Des mots simples, courts, sans doute un peu rêches qui trahissait son essouflement face à la chaleur et à son début d’anxiété. Dédale aimait maîtriser. Que ce soit projets ou vie personnelle, il prévoyait tout à l’avance pour ne pas être dérouté. Mais voilà, le destin et les dieux en avaient décidés autrement. Le voilà pris au piège d’une toile d’arraignée invisible.
C’est lui qui l’avait construit, il pourrait s’en souvenir, non ? Mais quelque chose l’inquiétait. Il ne se souvenait pas du plan mais de l’idée qu’il avait eu de piéger le minotaure. D’espérer que les Dieux soient de la partie pour arrêter le monstre. Pourtant, il a beau y songer, aucune réponse ne semble vouloir se loger dans son cerveau. Qu’est-ce qu’il avait bien put créer pour que jamais le minotaure ne puisse en sortir ? Aucune sortie ? Qu’une seule ? Plusieurs mais piégées ? Des mécanismes  spécifiques ? Des incantations ? L’homme ne sait plus et finit par frotter ses cheveux contre son crâne, fâché contre sa nouvelle mémoire défaillante. Si seulement il pouvait se rappeler maintenant, pour trouver une solution adéquate.

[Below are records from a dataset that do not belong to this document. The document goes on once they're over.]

(* Let $\alpha$ be an admissible anisotropy. There exists $C>0$ such that for every $j\ge0$ and every $f\in\mathcal S'(\mathbb R^2)$ whose Fourier transform $\hat f$ is a locally square-integrable function, \[C^{-1}\sum_{(j_1,j_2)\in\Gamma_j(\alpha)}\|\phi_{j_1,j_2}\hat f\|_{L^2}^2\le\|g_j^\alpha\hat f\|_{L^2}^2\le C\sum_{(j_1,j_2)\in\Gamma_j(\alpha)}\|\phi_{j_1,j_2}\hat f\|_{L^2}^2,\] where $g_j^\alpha=\sum_{(j_1,j_2)\in\Gamma_j(\alpha)}\phi_{j_1,j_2}$.
   Context: $\mathbb N=\{0,1,2,\dots\}$, $[x]$ integer part. Admissible anisotropy: $\alpha_i\ge0$, $\alpha_1+\alpha_2=2$. Hyperbolic resolution of unity: $\theta_0\in\mathcal S(\mathbb R)$, $\theta_0\ge0$, supported in $[-2,2]$, $=1$ on $[-1,1]$; $\theta_j(t)=\theta_0(2^{-j}t)-\theta_0(2^{-(j-1)}t)$ ($j\ge1$), assumed nonnegative; $\phi_{j_1,j_2}(\xi)=\theta_{j_1}(\xi_1)\theta_{j_2}(\xi_2)$. $\Gamma_j(\alpha)=\Gamma_j^{HL}\cup\Gamma_j^{LH}\cup\Gamma_j^{HH}$ with $\Gamma_j^{HL}=\{(j_1,j_2)\in\mathbb N^2:[(j-1)\alpha_1]-1\le j_1\le[j\alpha_1]+1,\ 0\le j_2\le[(j-1)\alpha_2]-1\}$, $\Gamma_j^{LH}=\{(j_1,j_2)\in\mathbb N^2:0\le j_1\le[(j-1)\alpha_1]-1,\ [(j-1)\alpha_2]-1\le j_2\le[j\alpha_2]+1\}$, $\Gamma_j^{HH}=\{(j_1,j_2)\in\mathbb N^2:[(j-1)\alpha_1]-1\le j_1\le[j\alpha_1]+1,\ [(j-1)\alpha_2]-1\le j_2\le[j\alpha_2]+1\}$. *)

From HB Require Import structures.
From mathcomp Require Import all_boot all_order all_algebra.
From mathcomp Require Import all_classical all_reals all_analysis.
Set Implicit Arguments. Unset Strict Implicit. Unset Printing Implicit Defensive.
Import Order.TTheory GRing.Theory Num.Theory.
Local Open Scope ring_scope.

Section Defs.
Variable R : realType.

Definition schwartz (f : R -> R) : Prop :=
  (forall n x, derivable (derive1n n f) x 1) /\
  (forall k n : nat, exists M : R, forall x, `|x| ^+ k * `|derive1n n f x| <= M).

Definition theta (th0 : R -> R) (j : nat) (t : R) : R :=
  if j is j'.+1 then th0 (t / 2 ^+ j) - th0 (t / 2 ^+ j') else th0 t.

Definition phi (th0 : R -> R) (j1 j2 : nat) (xi : R * R) : R :=
  theta th0 j1 xi.1 * theta th0 j2 xi.2.

Definition ip (x : R) : int := Num.floor x.

Definition lowb (a : R) (j : nat) : int := ip ((j%:R - 1) * a) - 1.
Definition upb (a : R) (j : nat) : int := ip (j%:R * a) + 1.

Definition GammaHL (a1 a2 : R) (j j1 j2 : nat) : bool :=
  (lowb a1 j <= j1%:Z <= upb a1 j) && (j2%:Z <= ip ((j%:R - 1) * a2) - 1).
Definition GammaLH (a1 a2 : R) (j j1 j2 : nat) : bool :=
  (j1%:Z <= ip ((j%:R - 1) * a1) - 1) && (lowb a2 j <= j2%:Z <= upb a2 j).
Definition GammaHH (a1 a2 : R) (j j1 j2 : nat) : bool :=
  (lowb a1 j <= j1%:Z <= upb a1 j) && (lowb a2 j <= j2%:Z <= upb a2 j).
Definition inGamma (a1 a2 : R) (j j1 j2 : nat) : bool :=
  [|| GammaHL a1 a2 j j1 j2, GammaLH a1 a2 j j1 j2 | GammaHH a1 a2 j j1 j2].

(* Enumeration bound: for admissible alpha (a_i <= 2), every (j1,j2) in
   Gamma_j satisfies j1, j2 <= [j a_i] + 1 <= 2j+1 < 2j+2, so summing over
   j1, j2 < 2j+2 filtered by inGamma is exactly the sum over Gamma_j. *)
Definition gbound (j : nat) : nat := (2 * j + 2)%N.

Definition gfun (th0 : R -> R) (a1 a2 : R) (j : nat) (xi : R * R) : R :=
  \sum_(j1 < gbound j) \sum_(j2 < gbound j | inGamma a1 a2 j j1 j2)
     phi th0 j1 j2 xi.

Definition leb2 := ((@lebesgue_measure R) \x (@lebesgue_measure R))%E.

(* A complex-valued function F = u + i v on R^2 is given by its real and
   imaginary parts; |F|^2 = u^2 + v^2. *)
Definition L2sq (h : R * R -> R) (u v : R * R -> R) : \bar R :=
  (\int[leb2]_(xi in [set: R * R]) ((h xi * u xi) ^+ 2 + (h xi * v xi) ^+ 2)%:E)%E.

(* locally square integrable on R^2: measurable, and finite L^2 norm on
   every box [-r,r]^2 (hence on every compact set) *)
Definition locL2 (u v : R * R -> R) : Prop :=
  measurable_fun [set: R * R] u /\ measurable_fun [set: R * R] v /\
  forall r : R, (\int[leb2]_(xi in [set xi : R * R | (`|xi.1| <= r)%R /\ (`|xi.2| <= r)%R])
                   (u xi ^+ 2 + v xi ^+ 2)%:E < +oo)%E.

End Defs.

(* At a point t at most two consecutive dyadic pieces theta_k(t) are nonzero,
   since theta_k is supported in 2^(k-1) < |t| <= 2^(k+1).  Hence at every
   frequency xi at most four of the phi_{j1,j2}(xi) are nonzero, and for such a
   family of nonnegative numbers Cauchy-Schwarz gives
     sum a_p^2 <= (sum a_p)^2 <= 4 sum a_p^2.
   So (g_j^alpha)^2 and sum phi_{j1,j2}^2 are pointwise comparable with
   constant 4; multiplying by |f^|^2 and integrating gives the claim. *)

From HB Require Import structures.
From mathcomp Require Import all_boot all_order all_algebra.
From mathcomp Require Import all_classical all_reals all_analysis measurable_realfun.
From mathcomp Require Import ring lra zify.
Set Implicit Arguments. Unset Strict Implicit. Unset Printing Implicit Defensive.
Import Order.TTheory GRing.Theory Num.Theory.
Local Open Scope ring_scope.

Section SumOfSquares.
Variables (R : realFieldType) (I : finType).
Implicit Types (A B : pred I) (F : I -> R).

Lemma sum_sqr_le_sqr_sum A F : (forall i, 0 <= F i) ->
  \sum_(i | A i) F i ^+ 2 <= (\sum_(i | A i) F i) ^+ 2.
Proof.
move=> F0; have : \sum_(i | A i) F i ^+ 2 <= (\sum_(i | A i) F i) ^+ 2 /\
                   0 <= \sum_(i | A i) F i.
  elim/big_rec2: _ => [|i s1 s2 _ [le_s ge0_s2]]; first by rewrite expr0n.
  by have := F0 i; split; nra.
by case.
Qed.

Lemma sqr_sum_le_card A F :
  (\sum_(i | A i) F i) ^+ 2 <= #|A|%:R * \sum_(i | A i) F i ^+ 2.
Proof.
have AMGM i j : F i * F j <= (F i ^+ 2 + F j ^+ 2) / 2.
  by have := sqr_ge0 (F i - F j); lra.
rewrite expr2 big_distrlr /=.
apply: (le_trans (ler_sum _ (fun i _ => ler_sum _ (fun j _ => AMGM i j)))).
have cardA : #|[pred i | A i]| = #|A| by apply: eq_card.
set S := \sum_(i | A i) F i ^+ 2.
have -> : \sum_(i | A i) \sum_(j | A j) (F i ^+ 2 + F j ^+ 2) / 2 =
          (S *+ #|A| + S *+ #|A|) / 2.
  under eq_bigr => i _ do rewrite -mulr_suml big_split /= sumr_const.
  by rewrite -mulr_suml big_split /= sumrMnl sumr_const /S.
by rewrite -mulr2n -[_ *+ 2]mulr_natr mulfK ?pnatr_eq0 // mulr_natl.
Qed.

Lemma sqr_sum_le_card_support A (B : {pred I}) F :
  (forall i, A i -> F i != 0 -> i \in B) ->
  (\sum_(i | A i) F i) ^+ 2 <= #|B|%:R * \sum_(i | A i) F i ^+ 2.
Proof.
move=> supp.
have restrict (G : I -> R) : (forall i, A i -> i \notin B -> G i = 0) ->
    \sum_(i | A i) G i = \sum_(i | A i && (i \in B)) G i.
  move=> G0; rewrite (bigID (mem B)) /= [X in _ + X]big1 ?addr0 //.
  by move=> i /andP[]; exact: G0.
have F0 i : A i -> i \notin B -> F i = 0.
  by move=> Ai; apply: contraNeq; exact: supp.
rewrite (restrict _ F0) (restrict (fun i => F i ^+ 2)); last first.
  by move=> i Ai nBi; rewrite F0 // expr0n.
apply: le_trans (sqr_sum_le_card _ _) _.
rewrite ler_wpM2r ?sumr_ge0 // => [i _|]; first exact: sqr_ge0.
rewrite ler_nat; apply: subset_leq_card; apply/fintype.subsetP => i.
by move=> /andP[].
Qed.

End SumOfSquares.

Section DyadicPieces.
Variables (R : realType) (th0 : R -> R).
Hypothesis th0_out : forall t, 2 < `|t| -> th0 t = 0.
Hypothesis th0_in : forall t, `|t| <= 1 -> th0 t = 1.

Let normr_divX (t : R) k : `|t / 2 ^+ k| = `|t| / 2 ^+ k.
Proof. by rewrite normrM normfV normrX (ger0_norm (ler0n _ 2)). Qed.

Lemma theta_neq0_le j t : theta th0 j t != 0 -> `|t| <= 2 ^+ j.+1.
Proof.
apply: contraTT; rewrite -ltNge negbK => ht; apply/eqP.
case: j ht => [|j] ht /=; first by rewrite th0_out // -(expr1 (2:R)).
rewrite !th0_out ?subrr // normr_divX ltr_pdivlMr ?exprn_gt0 //.
by apply: le_lt_trans ht; rewrite !exprS mulrA ler_pM2r ?exprn_gt0 //; lra.
Qed.

Lemma theta_neq0_gt j t : (0 < j)%N -> theta th0 j t != 0 -> 2 ^+ j.-1 < `|t|.
Proof.
case: j => [//|j] _; apply: contraTT; rewrite -leNgt negbK => ht; apply/eqP => /=.
rewrite !th0_in ?subrr // normr_divX ler_pdivrMr ?exprn_gt0 // mul1r //.
by apply: le_trans ht _; rewrite exprS ler_peMl ?exprn_ge0 //; lra.
Qed.

Lemma theta_neq0_leqS j k t :
  theta th0 j t != 0 -> theta th0 k t != 0 -> (k <= j.+1)%N.
Proof.
move=> thj thk; rewrite leqNgt; apply/negP => ltjk.
have k_gt0 : (0 < k)%N by lia.
have := theta_neq0_gt k_gt0 thk; have := theta_neq0_le thj.
have : (2 : R) ^+ j.+1 <= 2 ^+ k.-1 by rewrite ler_eXn2l ?ltr1n //; lia.
lra.
Qed.

Lemma theta_support t :
  exists m, forall j, theta th0 j t != 0 -> (j == m) || (j == m.+1).
Proof.
have [some|none] := pselect (exists j, theta th0 j t != 0); last first.
  by exists 0%N => j thj; case: none; exists j.
case: (ex_minnP some) => m thm minm; exists m => k thk.
have := minm _ thk; have := theta_neq0_leqS thm thk; lia.
Qed.

Lemma card_theta_support N t :
  (#|[set i : 'I_N | theta th0 i t != 0%R]| <= 2)%N.
Proof.
have [m suppm] := theta_support t.
rewrite cardE -(size_map val).
apply: (@uniq_leq_size _ _ [:: m; m.+1]).
  by rewrite map_inj_uniq ?enum_uniq //; exact: val_inj.
move=> _ /mapP[i + ->]; rewrite mem_enum finset.in_set => /suppm.
by rewrite !inE.
Qed.

Hypothesis theta_ge0 : forall j t, 0 <= theta th0 j t.

Lemma sqr_sum_phi_sandwich N (P : pred ('I_N * 'I_N)) xi :
  let Q := \sum_(p | P p) phi th0 p.1 p.2 xi ^+ 2 in
  4^-1 * Q <= (\sum_(p | P p) phi th0 p.1 p.2 xi) ^+ 2 <= 4 * Q.
Proof.
set T1 := [set i : 'I_N | theta th0 i xi.1 != 0].
set T2 := [set i : 'I_N | theta th0 i xi.2 != 0].
have supp p : P p -> phi th0 p.1 p.2 xi != 0 -> p \in finset.setX T1 T2.
  by move=> _; rewrite /phi mulf_eq0 negb_or !finset.inE.
have card_supp : #|finset.setX T1 T2|%:R <= 4 :> R.
  by rewrite cardsX (_ : 4 = (2 * 2)%N%:R) // ler_nat leq_mul ?card_theta_support.
have Q0 : 0 <= \sum_(p | P p) phi th0 p.1 p.2 xi ^+ 2.
  by rewrite sumr_ge0 // => p _; exact: sqr_ge0.
have := sum_sqr_le_sqr_sum P (fun p => mulr_ge0 (theta_ge0 p.1 xi.1) (theta_ge0 p.2 xi.2)).
have := sqr_sum_le_card_support supp.
move=> /= hi lo; apply/andP; split; [lra | nra].
Qed.

End DyadicPieces.

Section IntegralComparison.
Local Open Scope ereal_scope.
Context d (T : measurableType d) (R : realType) (mu : {measure set T -> \bar R}).
Variables (D : set T) (mD : measurable D).

Lemma measurable_fsum (I : finType) (P : pred I) (h : I -> T -> R) :
  (forall i, measurable_fun D (h i)) ->
  measurable_fun D (fun x => \sum_(i | P i) h i x)%R.
Proof. by move=> mh; under eq_fun do rewrite -big_filter; exact: measurable_sum. Qed.

Lemma ge0_integral_fsum (I : finType) (P : pred I) (f : I -> T -> R) :
  (forall i, measurable_fun D (f i)) -> (forall i x, D x -> (0 <= f i x)%R) ->
  \int[mu]_(x in D) (\sum_(i | P i) f i x)%R%:E =
  \sum_(i | P i) \int[mu]_(x in D) (f i x)%:E.
Proof.
move=> mf f0; rewrite -big_filter -ge0_integral_sum //; last first.
  by move=> i; apply/measurable_EFinP.
by apply: eq_integral => x _; rewrite big_filter sumEFin.
Qed.

Lemma ge0_le_integral_sandwich (f g : T -> R) (c : R) :
  measurable_fun D f -> measurable_fun D g -> (forall x, D x -> 0 <= g x)%R ->
  (0 < c)%R -> (forall x, D x -> c^-1 * g x <= f x <= c * g x)%R ->
  (c^-1)%:E * \int[mu]_(x in D) (g x)%:E <= \int[mu]_(x in D) (f x)%:E /\
  \int[mu]_(x in D) (f x)%:E <= c%:E * \int[mu]_(x in D) (g x)%:E.
Proof.
move=> mf mg g0 c_gt0 fg.
have mfE : measurable_fun D (fun x => (f x)%:E) by apply/measurable_EFinP.
have mgE : measurable_fun D (fun x => (g x)%:E) by apply/measurable_EFinP.
have mcg (k : R) : measurable_fun D (fun x => (k * g x)%:E).
  by apply/measurable_EFinP; exact: (measurable_funM (measurable_cst k) mg).
have cg0 x : D x -> 0 <= (c^-1 * g x)%:E.
  by move=> Dx; rewrite lee_fin mulr_ge0 ?g0 // invr_ge0 ltW.
have f0 x : D x -> 0 <= (f x)%:E.
  by move=> Dx; apply: le_trans (cg0 x Dx) _; rewrite lee_fin; case/andP: (fg x Dx).
rewrite -!ge0_integralZl_EFin ?invr_ge0 ?(ltW c_gt0) //.
under eq_integral do rewrite -EFinM.
under [X in _ /\ _ <= X]eq_integral do rewrite -EFinM.
split; apply: ge0_le_integral => //.
all: by move=> x Dx; rewrite lee_fin; case/andP: (fg x Dx).
Qed.

End IntegralComparison.

Section PlaneL2Norms.
Variable R : realType.

Lemma schwartz_measurable (f : R -> R) : schwartz f -> measurable_fun setT f.
Proof.
move=> [derf _]; apply: continuous_measurable_fun => x.
by apply: differentiable_continuous; apply/derivable1_diffP; exact: (derf 0%N x).
Qed.

Lemma measurable_theta (th0 : R -> R) k :
  measurable_fun setT th0 -> measurable_fun setT (theta th0 k).
Proof.
move=> mth0; case: k => [//|k] /=.
by apply: measurable_funB; apply: (measurableT_comp mth0); exact: mulrr_measurable.
Qed.

Lemma measurable_phi (th0 : R -> R) j1 j2 :
  measurable_fun setT th0 -> measurable_fun setT (phi th0 j1 j2).
Proof.
move=> mth0; apply: measurable_funM.
- exact: measurableT_comp (measurable_theta j1 mth0) measurable_fst.
- exact: measurableT_comp (measurable_theta j2 mth0) measurable_snd.
Qed.

Lemma L2sqE (h u v : R * R -> R) :
  L2sq h u v = (\int[@leb2 R]_(xi in setT) (h xi ^+ 2 * (u xi ^+ 2 + v xi ^+ 2))%:E)%E.
Proof. by apply: eq_integral => xi _; congr EFin; ring. Qed.

Lemma L2sq_sandwich (I : finType) (P : pred I) (h : I -> R * R -> R)
    (g u v : R * R -> R) (c : R) :
  (forall i, measurable_fun setT (h i)) -> measurable_fun setT g ->
  measurable_fun setT u -> measurable_fun setT v -> 0 < c ->
  (forall xi, let Q := \sum_(i | P i) h i xi ^+ 2 in c^-1 * Q <= g xi ^+ 2 <= c * Q) ->
  ((c^-1)%:E * (\sum_(i | P i) L2sq (h i) u v) <= L2sq g u v)%E /\
  (L2sq g u v <= c%:E * (\sum_(i | P i) L2sq (h i) u v))%E.
Proof.
move=> mh mg mu mv c_gt0 hg.
pose w xi := u xi ^+ 2 + v xi ^+ 2.
have mw : measurable_fun setT w by apply: measurable_funD; exact: measurable_funX.
have w0 xi : 0 <= w xi by rewrite addr_ge0 ?sqr_ge0.
have mh2 i : measurable_fun setT (fun xi => h i xi ^+ 2) by exact: measurable_funX.
have mh2w i : measurable_fun setT (fun xi => h i xi ^+ 2 * w xi).
  exact: measurable_funM.
have h2w0 i xi : 0 <= h i xi ^+ 2 * w xi by rewrite mulr_ge0 ?sqr_ge0.
rewrite L2sqE; under eq_bigr do rewrite L2sqE.
rewrite -ge0_integral_fsum //.
apply: ge0_le_integral_sandwich => //.
- by apply: measurable_funM => //; exact: measurable_funX.
- exact: measurable_fsum.
- by move=> xi _; rewrite sumr_ge0.
move=> xi _; rewrite -big_distrl /=.
have := w0 xi; have /andP[] := hg xi; rewrite /w; nra.
Qed.

End PlaneL2Norms.

Theorem lemma4 (R : realType) (th0 : R -> R) (a1 a2 : R) :
  schwartz th0 ->
  (forall t, 0 <= th0 t) ->
  (forall t, 2 < `|t| -> th0 t = 0) ->
  (forall t, `|t| <= 1 -> th0 t = 1) ->
  (forall (j : nat) t, (0 < j)%N -> 0 <= theta th0 j t) ->
  0 <= a1 -> 0 <= a2 -> a1 + a2 = 2 ->
  exists C : R, 0 < C /\
    forall (j : nat) (u v : R * R -> R), locL2 u v ->
      let S := (\sum_(j1 < gbound j) \sum_(j2 < gbound j | inGamma a1 a2 j j1 j2)
                  L2sq (phi th0 j1 j2) u v)%E in
      ((C^-1)%:E * S <= L2sq (gfun th0 a1 a2 j) u v)%E /\
      (L2sq (gfun th0 a1 a2 j) u v <= C%:E * S)%E.
Proof.
move=> sth0 th0_ge0 th0_out th0_in theta_ge0 _ _ _.
have mth0 := schwartz_measurable sth0.
have theta0 k t : 0 <= theta th0 k t.
  by case: k => [|k]; [exact: th0_ge0 | exact: theta_ge0].
exists 4; split => // j u v [mu [mv _]] S; rewrite /S pair_big_dep /=.
apply: L2sq_sandwich => //.
- by move=> p; exact: measurable_phi.
- by do 2 apply: measurable_fsum => ?; exact: measurable_phi.
- by move=> xi; rewrite /gfun pair_big_dep; exact: sqr_sum_phi_sandwich.
Qed.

Face au silence pour seule réponse à ses questionnements, l’architecte finit par désigner à son fils la grande ouverture qu’ils avaient devant eux.

« Bois, eau, tissus… peu importe, mais il nous faut trouver quelque chose. »

La liste des objets nécessaire à la vie semblait dérisoire mais Dédale avait besoin d'en énumérer quelques uns, pensant sans doute inconsciemment qu'ils allaient apparaître quelque part dans le labyrinthe à la simple évocation des lettres qui composent leurs noms. Puis dans un élan de courage, contrairement à sa panique habituelle lors de situation inattendu, le grec finit par avancer d’un pas lent mais long et lourd de volonté de retrouver sa liberté, et celle de sa progéniture.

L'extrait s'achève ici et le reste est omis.